Python Pandas Choosing Random Sample of Groups from Groupby

What is the best way to get a random sample of the elements of a groupby? As I understand it, a groupby is just an iterable over groups.
The standard way I would do this for an iterable, if I wanted to select N = 200 elements is:
rand = random.sample(data, N)
If you attempt the above where data is a 'grouped' the elements of the resultant list are tuples for some reason.
I found the below example for randomly selecting the elements of a single key groupby, however this does not work with a multi-key groupby. From, How to access pandas groupby dataframe by key
create groupby object
grouped = df.groupby('some_key')
pick N dataframes and grab their indices
sampled_df_i = random.sample(grouped.indices, N)
grab the groups using the groupby object 'get_group' method
df_list = map(lambda df_i: grouped.get_group(df_i),sampled_df_i)
optionally - turn it all back into a single dataframe object
sampled_df = pd.concat(df_list, axis=0, join='outer')

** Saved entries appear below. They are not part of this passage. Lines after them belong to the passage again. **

Lemma compose_barycenter {X : Banach} (x : nat -> X) :
  barycenter x (compose c lam L) (max_upto N L) =
  vsum (fun k => vscal (lam k) (barycenter x (c k) (N k))) L.
Proof.
  unfold compose, barycenter.
  rewrite (vsum_ext _ (fun n => vsum (fun k => vscal (lam k * c k n) (x n)) L))
    by (intros; rewrite vsum_const; reflexivity).
  rewrite vsum_exchange. apply vsum_ext. intros k Hk.
  rewrite vsum_scal, (vsum_tail _ (N k) (max_upto N L)).
  - apply vsum_ext. intros; rewrite vscal_assoc; reflexivity.
  - intros n Hn. destruct (hc k) as [_ [Z _]]. rewrite Z, Rmult_0_r by lia. apply vscal_0l.
  - apply max_upto_ge; auto.
Qed.

Lemma compose_prob : fin_prob lam L -> fin_prob (compose c lam L) (max_upto N L).
Proof.
  intros [P0 [_ P2]]. split; [|split].
  - intros n. apply cond_pos_sum. intros k. destruct (hc k) as [C0 _]. apply Rmult_le_pos; auto.
  - intros n Hn. unfold compose. transitivity (sum_f_R0 (fun _ => 0) L).
    + apply sum_eq. intros k Hk. destruct (hc k) as [_ [C1 _]].
      pose proof (max_upto_ge N L k Hk). rewrite C1 by lia. ring.
    + rewrite sum_cte. ring.
  - pose proof (compose_sum (fun _ => 1)) as H.
    rewrite (sum_eq _ (compose c lam L)) in H by (intros; ring).
    rewrite H. transitivity (sum_f_R0 lam L); [|exact P2]. apply sum_eq. intros k _. destruct (hc k) as [_ [_ C2]].
    rewrite (sum_eq _ (c k)) by (intros; ring). rewrite C2. ring.
Qed.

End Compose.

Section StrongApproximation.
Context {X : Banach} (x : nat -> X) (f : nat -> X -> R) (y : X)
  (c : nat -> nat -> R) (N : nat -> nat).
Hypothesis hc : forall k, fin_prob (c k) (N k).
Hypothesis hi : weak_cv (fun k => barycenter x (c k) (N k)) y.
Hypothesis hii : Un_cv (fun k => sum_f_R0 (fun n => c k n * f n y) (N k)) 1.

(* Mazur's lemma applied to the barycentres of a tail on which condition (ii)
   holds up to [eps] yields weights fulfilling (i) in norm and (ii) up to [eps]. *)
Lemma approximating_weights eps : eps > 0 -> exists d M, fin_prob d M /\
  vnorm (vsub (barycenter x d M) y) < eps /\
  Rabs (sum_f_R0 (fun n => d n * f n y) M - 1) <= eps.
Proof.
  intros Heps. destruct (hii eps Heps) as [m Hm].
  destruct (mazur _ y hi m eps Heps) as [w [[L [lam [Hlam [Z ->]]]] Hw]].
  exists (compose c lam L), (max_upto N L). split; [apply compose_prob; auto|split].
  - rewrite compose_barycenter by auto. exact Hw.
  - destruct Hlam as [P0 [_ P2]]. rewrite compose_sum by auto.
    set (s := fun k => sum_f_R0 (fun n => c k n * f n y) (N k)).
    change (Rabs (sum_f_R0 (fun k => lam k * s k) L - 1) <= eps).
    assert (E : sum_f_R0 (fun k => lam k * (s k - 1)) L = sum_f_R0 (fun k => lam k * s k) L - sum_f_R0 lam L).
    { rewrite <- minus_sum. apply sum_eq. intros; ring. }
    rewrite P2 in E. rewrite <- E.
    eapply Rle_trans; [apply sum_f_R0_triangle|].
    apply Rle_trans with (sum_f_R0 (fun k => lam k * eps) L); [|rewrite <- scal_sum, P2; lra].
    apply sum_Rle. intros k _. rewrite Rabs_mult, Rabs_right by (apply Rle_ge, P0).
    destruct (Nat.lt_ge_cases k m) as [Hk|Hk]; [rewrite Z by exact Hk; lra|].
    apply Rmult_le_compat_l; [apply P0|]. left. apply (Hm k Hk).
Qed.
(* Let $J\ge 2$ be an integer, $\tau_j=2^j$, and for $(\alpha,\beta)\in(0,\infty)\times(0,\pi]$ define $\nu_j(\alpha,\beta)=\dfrac{\alpha^2\{1-\cos(\beta\tau_j/2)\}^2}{\tau_j^2\{1-\cos\beta\}}$ for $j=1,\dots,J$. Then the map $(\alpha,\beta)\mapsto[\nu_j(\alpha,\beta)]_{j=1,\dots,J}$ is injective on $(0,\infty)\times(0,\pi]$: if $\nu_j(\alpha_1,\beta_1)=\nu_j(\alpha_2,\beta_2)$ for all $j=1,\dots,J$, then $(\alpha_1,\beta_1)=(\alpha_2,\beta_2)$.
   Context: $\nu_j(\alpha,\beta)$ is the theoretical Haar wavelet variance at level $j$ of the sinusoidal process $S_t=\alpha\sin(\beta t+U)$, $U\sim\mathcal U(0,2\pi)$. *)

From Stdlib Require Import Reals.
Open Scope R_scope.

Definition tau (j : nat) : R := 2 ^ j.

(* theoretical Haar wavelet variance at level j of alpha sin(beta t + U) *)
Definition nu (j : nat) (alpha beta : R) : R :=
  alpha ^ 2 * (1 - cos (beta * tau j / 2)) ^ 2 / (tau j ^ 2 * (1 - cos beta)).

(* Writing c = cos beta, the
   double-angle formula gives the closed forms
     nu_1(alpha, beta) = alpha^2 (1 - c) / 4,
     nu_2(alpha, beta) = nu_1(alpha, beta) (1 + c)^2.
   Since 0 < beta <= pi we have c < 1, so nu_1 > 0 and the ratio nu_2 / nu_1
   determines (1 + c)^2, hence c (as 1 + c >= 0), hence beta (cos is injective
   on [0, pi]).  Once beta is known, nu_1 determines alpha^2, hence alpha > 0.
   The file proves the two closed forms, the positivity of nu_1, and then
   derives the theorem. *)

From Stdlib Require Import Reals Lra Lia Psatz.
Open Scope R_scope.

(* On (0, pi] the cosine stays strictly below 1; this keeps the denominator
   1 - cos beta of nu nonzero. *)
Lemma cos_lt_1 (b : R) : 0 < b <= PI -> cos b < 1.
Proof.
  intros Hb.
  destruct (COS_bound b) as [_ [Hlt | Heq]]; [exact Hlt |].
  assert (b = 0) by (apply cos_inj; [lra | pose proof PI_RGT_0; lra | now rewrite cos_0]).
  lra.
Qed.

Lemma nu_level1 (a b : R) : 0 < b <= PI -> nu 1 a b = a ^ 2 * (1 - cos b) / 4.
Proof.
  intros Hb. pose proof (cos_lt_1 b Hb).
  unfold nu, tau. replace (b * 2 ^ 1 / 2) with b by field.
  field. lra.
Qed.

(* Closed form at level 2: by cos(2 beta) = 2 cos^2 beta - 1, the level-2
   variance is the level-1 variance times (1 + cos beta)^2. *)
Lemma nu_level2 (a b : R) : 0 < b <= PI -> nu 2 a b = nu 1 a b * (1 + cos b) ^ 2.
Proof.
  intros Hb. pose proof (cos_lt_1 b Hb).
  rewrite nu_level1 by exact Hb.
  unfold nu, tau. replace (b * 2 ^ 2 / 2) with (2 * b) by field.
  rewrite cos_2a_cos. field. lra.
Qed.

(* The level-1 variance of a nondegenerate sinusoid is positive, so it can be
   divided out of the level-2 equation. *)
Lemma nu_level1_pos (a b : R) : 0 < a -> 0 < b <= PI -> 0 < nu 1 a b.
Proof.
  intros Ha Hb. pose proof (cos_lt_1 b Hb).
  rewrite nu_level1 by exact Hb.
  apply Rdiv_lt_0_compat; [apply Rmult_lt_0_compat; [apply pow_lt |] |]; lra.
Qed.

Theorem lemma2 (J : nat) (HJ : (2 <= J)%nat) (a1 b1 a2 b2 : R) :
  0 < a1 -> 0 < b1 <= PI -> 0 < a2 -> 0 < b2 <= PI ->
  (forall j : nat, (1 <= j <= J)%nat -> nu j a1 b1 = nu j a2 b2) ->
  a1 = a2 /\ b1 = b2.
Proof.
  intros Ha1 Hb1 Ha2 Hb2 Heq.
  pose proof (Heq 1%nat ltac:(lia)) as E1.
  pose proof (Heq 2%nat ltac:(lia)) as E2.
  pose proof (nu_level1_pos a1 b1 Ha1 Hb1) as Hpos.
  rewrite !nu_level2, <- E1 in E2 by assumption.
  assert (Hsq : (1 + cos b1) ^ 2 = (1 + cos b2) ^ 2)
    by (apply Rmult_eq_reg_l with (nu 1 a1 b1); lra).
  assert (Hcos : cos b1 = cos b2)
    by (pose proof (COS_bound b1); pose proof (COS_bound b2); nra).
  assert (Hb : b1 = b2) by (apply cos_inj; lra).
  split; [| exact Hb].
  rewrite !nu_level1 in E1 by assumption.
  rewrite Hcos in E1.
  pose proof (cos_lt_1 b2 Hb2).
  assert (Ha : a1 ^ 2 = a2 ^ 2) by (apply Rmult_eq_reg_r with ((1 - cos b2) / 4); lra).
  nra.
Qed.
(* Let $f_1,\dots,f_n$ be nondecreasing linear functions at least one of which is constant, let $\beta_{\min}=\min\{\beta(f_i)\mid\alpha(f_i)=0\}$, and let $\sigma$ be a locally optimal permutation. Let $q_\sigma=\max\{q\in[n]\mid\alpha(f_{\sigma(q)})=0\}$; note $f^\sigma$ is a constant function, identified with its value. Then: (i) $f^\sigma\le\beta_{\min}$; (ii) $f_{\sigma(q_\sigma)}$ is the constant function with value $\beta_{\min}$; (iii) $\theta(f_{\sigma(i)})\in[\theta(f^\sigma)-\pi,\theta(\beta_{\min})]_{2\pi}\cup\{\bot\}$ for every $i\in[q_\sigma]$; (iv) $\theta(f_{\sigma(i)})\in[\theta(\beta_{\min}),\theta(f^\sigma)+\pi]\cup\{\bot\}$ for every $i$ with $q_\sigma\le i\le n$.
   Context: A linear function is $f(x)=ax+b$; $\alpha(f)=a$, $\beta(f)=b$; nondecreasing means $a\ge0$, constant means $a=0$. $\vec f=(b,1-a)^\top$, $\theta(f)\in[0,2\pi)$ its polar angle, $\theta(f)=\bot$ if $\vec f=0$; for a real $c$, $\theta(c)$ is the polar angle of $(c,1)^\top$. $[\theta_1,\theta_2]_{2\pi}=\{\theta\in[\lambda_1,\lambda_2]\mid\lambda_1-\theta_1,\lambda_2-\theta_2\in2\pi\mathbb{Z},\ \lambda_2-\lambda_1\in[0,2\pi)\}$; $[\cdot,\cdot]$ without subscript is an ordinary real interval. $f^\sigma=f_{\sigma(n)}\circ\cdots\circ f_{\sigma(1)}$. For $1\le\ell\le m<r\le n$, $\sigma_{\ell,m,r}$ swaps the adjacent blocks $(\sigma(\ell),\dots,\sigma(m))$ and $(\sigma(m+1),\dots,\sigma(r))$ of $\sigma$; $\sigma$ is locally optimal if $f^\sigma\le f^{\sigma_{\ell,m,r}}$ for all such $\ell,m,r$. *)

From Stdlib Require Import Reals Lra Lia ZArith.
Open Scope R_scope.

Definition lin := (R * R)%type.
Definition alpha (f : lin) : R := fst f.
Definition beta (f : lin) : R := snd f.
Definition ev (f : lin) (x : R) : R := alpha f * x + beta f.

Definition polar_angle (x y : R) : R :=
  let r := sqrt (x * x + y * y) in
  if Rle_dec 0 y then acos (x / r) else 2 * PI - acos (x / r).

(* theta f : polar angle of vec f = (b, 1 - a); None stands for bottom
   (vec f = 0). *)
Definition theta (f : lin) : option R :=
  if Req_EM_T (beta f) 0 then
    if Req_EM_T (1 - alpha f) 0 then None
    else Some (polar_angle (beta f) (1 - alpha f))
  else Some (polar_angle (beta f) (1 - alpha f)).

Definition theta_c (c : R) : R := polar_angle c 1.

Definition in_or_bot (o : option R) (S : R -> Prop) : Prop :=
  match o with None => True | Some t => S t end.

Definition cyc_interval (t1 t2 : R) (t : R) : Prop :=
  exists l1 l2 : R, l1 <= t <= l2 /\
    (exists k : Z, l1 - t1 = 2 * PI * IZR k) /\
    (exists k : Z, l2 - t2 = 2 * PI * IZR k) /\
    0 <= l2 - l1 < 2 * PI.

Definition interval (t1 t2 : R) (t : R) : Prop := t1 <= t <= t2.

(* Functions are indexed 1..n by F : nat -> lin; a permutation of [n]
   is sigma : nat -> nat, a bijection of {1,...,n}. *)
Definition is_perm (n : nat) (sigma : nat -> nat) : Prop :=
  (forall i, (1 <= i <= n)%nat -> (1 <= sigma i <= n)%nat) /\
  (forall i j, (1 <= i <= n)%nat -> (1 <= j <= n)%nat ->
     sigma i = sigma j -> i = j).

You can take a randoms sample of the unique values of df.some_key.unique(), use that to slice the df and finally groupby on the resultant:
In [337]:
df = pd.DataFrame({'some_key': [0,1,2,3,0,1,2,3,0,1,2,3],
'val': [1,2,3,4,1,5,1,5,1,6,7,8]})
In [338]:
print df[df.some_key.isin(random.sample(df.some_key.unique(),2))].groupby('some_key').mean()
val
some_key
0 1.000000
2 3.666667
If there are more than one groupby keys:
In [358]:
df = pd.DataFrame({'some_key1':[0,1,2,3,0,1,2,3,0,1,2,3],
'some_key2':[0,0,0,0,1,1,1,1,2,2,2,2],
'val': [1,2,3,4,1,5,1,5,1,6,7,8]})
In [359]:
gby = df.groupby(['some_key1', 'some_key2'])
In [360]:
print gby.mean().ix[random.sample(gby.indices.keys(),2)]
val
some_key1 some_key2
1 1 5
3 2 8
But if you are just going to get the values of each group, you don't even need to groubpy, MultiIndex will do:
In [372]:
idx = random.sample(set(pd.MultiIndex.from_product((df.some_key1, df.some_key2)).tolist()),
2)
print df.set_index(['some_key1', 'some_key2']).ix[idx]
val
some_key1 some_key2
2 0 3
3 1 5

I feel like lower-level numpy operations are cleaner:
import pandas as pd
import numpy as np
df = pd.DataFrame(
{
"some_key": [0, 1, 2, 3, 0, 1, 2, 3, 0, 1, 2, 3],
"val": [1, 2, 3, 4, 1, 5, 1, 5, 1, 6, 7, 8],
}
)
ids = df["some_key"].unique()
ids = np.random.choice(ids, size=2, replace=False)
ids
# > array([3, 2])
df.loc[df["some_key"].isin(ids)]
# > some_key val
# 2 2 3
# 3 3 4
# 6 2 1
# 7 3 5
# 10 2 7
# 11 3 8

Although this question was asked and answered long ago, I think the following is cleaner:
import pandas as pd
df = pd.DataFrame(
{
"some_key1": [0, 1, 2, 3, 0, 1, 2, 3, 0, 1, 2, 3],
"some_key2": [0, 0, 0, 0, 1, 1, 1, 1, 2, 2, 2, 2],
"val": [1, 2, 3, 4, 1, 5, 1, 5, 1, 6, 7, 8]
}
)
# Set the number of samples by group
n_samples_by_group = 1
samples_by_group = df \
.groupby(by=["some_key1", "some_key2"]) \
.sample(n_samples_by_group)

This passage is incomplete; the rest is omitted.